Hattie Mcdaniel was the fist African American to win an Oscar in 1940, for her role as Mammy in Gone With The Wind. Then in 1947, after her career took a downturn, she starred on CBS radio's The Beulah Show. She died on October 26, 1952, in Los Angeles, California.
Sir Sidney Poitier, KBE, is a Bahamian-American actor, film director, author and diplomat. In 1964, Poitier became the first Bahamian and first African-American to win an Academy Award for Best Actor, for his role in Lilies of the Field. He paves the way for black actors like Denzel Washington, Will Smith, and Lawrence Fishburne.
Oscar Devereaux Micheaux was an African American author, film director and independent producer of more than 44 films.

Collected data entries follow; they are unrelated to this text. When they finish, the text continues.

Section EmbeddedCycleSet.
Variables (X : finType) (op : X -> X -> X) (B : fin_brace) (f : X -> B).
Hypotheses (f_inj : injective f) (f_hom : forall x y, f (op x y) = bdot (f x) (f y)).

Lemma image_sub_lambda_stab (Y : {set X}) :
  (forall x y, x \in Y -> y \in Y -> op x y \in Y) -> f @: Y \subset lambda_stab (f @: Y).
Proof.
move=> Ycl; apply/subsetP => _ /imsetP [z zY ->]; rewrite -[f z](binvK (B := B)).
apply: lambda_stabV; apply/lambda_stabP => _ /imsetP [z' z'Y ->].
by rewrite -/(bdot (f z) (f z')) -f_hom imset_f ?Ycl.
Qed.

Theorem irreducible_of_brace_embedding :
  (forall x : X, [set f y | y : X] = [set blambda b (f x) | b : B] /\
     brace_gen (f x) = setT) ->
  irreducible_cs op.
Proof.
move=> f_orbit_gen Y [Ycl _].
have [->|[y yY]] := set_0Vmem Y; [by left | right].
set G := lambda_stab (f @: Y).
have YG := subsetP (image_sub_lambda_stab Ycl).
have coreT : lambda_core G = setT.
  apply/eqP; rewrite eqEsubset subsetT -(proj2 (f_orbit_gen y)) /=.
  apply: brace_gen_min.
    exact/lambda_core_subbrace/lambda_stabV/lambda_stabM/lambda_stab0.
  by apply/lambda_coreP => g /lambda_stabP gY; rewrite YG ?gY ?imset_f.
apply/setP => x; rewrite inE -(mem_imset _ _ f_inj).
have : f x \in [set f y | y : X] by rewrite imset_f.
rewrite (proj1 (f_orbit_gen y)) => /imsetP [b _ ->].
have /lambda_stabP bG : b \in G by rewrite (lambda_core_sub (lambda_stab0 _)) ?coreT ?inE.
by rewrite bG ?imset_f.
Qed.
Lemma meet_of_two_slopes : 1 < b -> has_two_slopes p b ->
  exists m, lform 1 b m = p /\ lform binv 1 m = p.
Proof.
move=> b_gt1 /eqP/(size_undup_eq2 slopeA_mem slopeB_mem (slopeA_neq_B b_gt1)) slopesAB.
have l_sorted := sorted_inv_list p b.
have step i : i.+1 < size l -> reachable b binv (nth (0, 0) l i) (nth (0, 0) l i.+1).
  move=> hi; have lt_i := nth_fst_ltn l_sorted (ltnSn i) hi.
  apply: reachable_lform (ltnW lt_i) _ => //.
  have := slopesAB _ (mem_slopes_nth hi); rewrite !inE => /orP[] /eqP.
    by move/(slope_lform _ lt_i (ltn0Sn 0)); left.
  by move/(slope_lform _ lt_i b_gt0); right.
have first : nth (0, 0) l 0 = (0, p).
  have := nth_index (0, 0) top_mem; case: (posnP (index (0, p) l)) => [-> //|pos].
  move=> top_eq; have := nth_fst_ltn l_sorted pos; rewrite index_mem top_eq.
  by move/(_ top_mem); rewrite ltn0.
have bottom_idx : index (p, 0) l < size l by rewrite index_mem.
have [X [Y]] := reachable_nth step bottom_idx.
rewrite first nth_index //= => -[eqX eqY].
by exists (X, Y); rewrite /lform /=; lia.
Qed.

Lemma two_slopes_meetP : 1 < b ->
  has_two_slopes p b <-> exists m, lform 1 b m = p /\ lform binv 1 m = p.
Proof.
move=> b_gt1; split; first exact: meet_of_two_slopes.
by case=> m [meetB meetA]; apply: two_slopes_of_meet meetB meetA b_gt1.
Qed.
End TwoSlopes.

Theorem theorem6p2 (p b binv : nat) :
  prime p ->
  (* binv = b^{-1}: the unique integer with 0 < binv < p and b * binv = 1 mod p *)
  0 < binv < p -> b * binv = 1 %[mod p] ->
  0 < b -> b <= binv ->
  (has_two_slopes p b <->
     (p %% b = p %/ binv /\ p %/ b = p %% binv)).
Proof.
move=> /prime_gt1 p_gt1 /andP[binv_gt0 binv_ltp] b_binv b_gt0 b_le_binv.
have b_ltp : b < p := leq_ltn_trans b_le_binv binv_ltp.
have [b_le1|b_gt1] := leqP b 1.
  have -> : b = 1 by lia.
  split=> [two|[]]; first by have := not_two_slopes_1 p_gt1; rewrite two.
  rewrite modn1 => div0 _.
  by have := divn_gt0 p binv_gt0; rewrite -div0 ltnn (ltnW binv_ltp).
apply: iff_trans (two_slopes_meetP p_gt1 b_gt0 b_ltp binv_gt0 binv_ltp b_binv b_gt1) _.
exact: iff_sym (divmod_meet p_gt1 b_gt1 b_binv).
Qed.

Commercial movies started screening across America in 1896 shortly after the Supreme Court sanctioned racism in the Separate, But Equal ruling. Movies were the principal medium to communicate news, social customs and visual entertainment to millions of Americans each week. From 1918 onwards, his 44 films were loved by black audiences, without seeking white approval. Given the low earning power of black folks at the time however, he could not earn big bucks like his white counterparts. With a wealthier African-American market like Tyler Perry enjoys today, he could have built a strong movie studio that sustained Hollywood acting, writing and directing talent.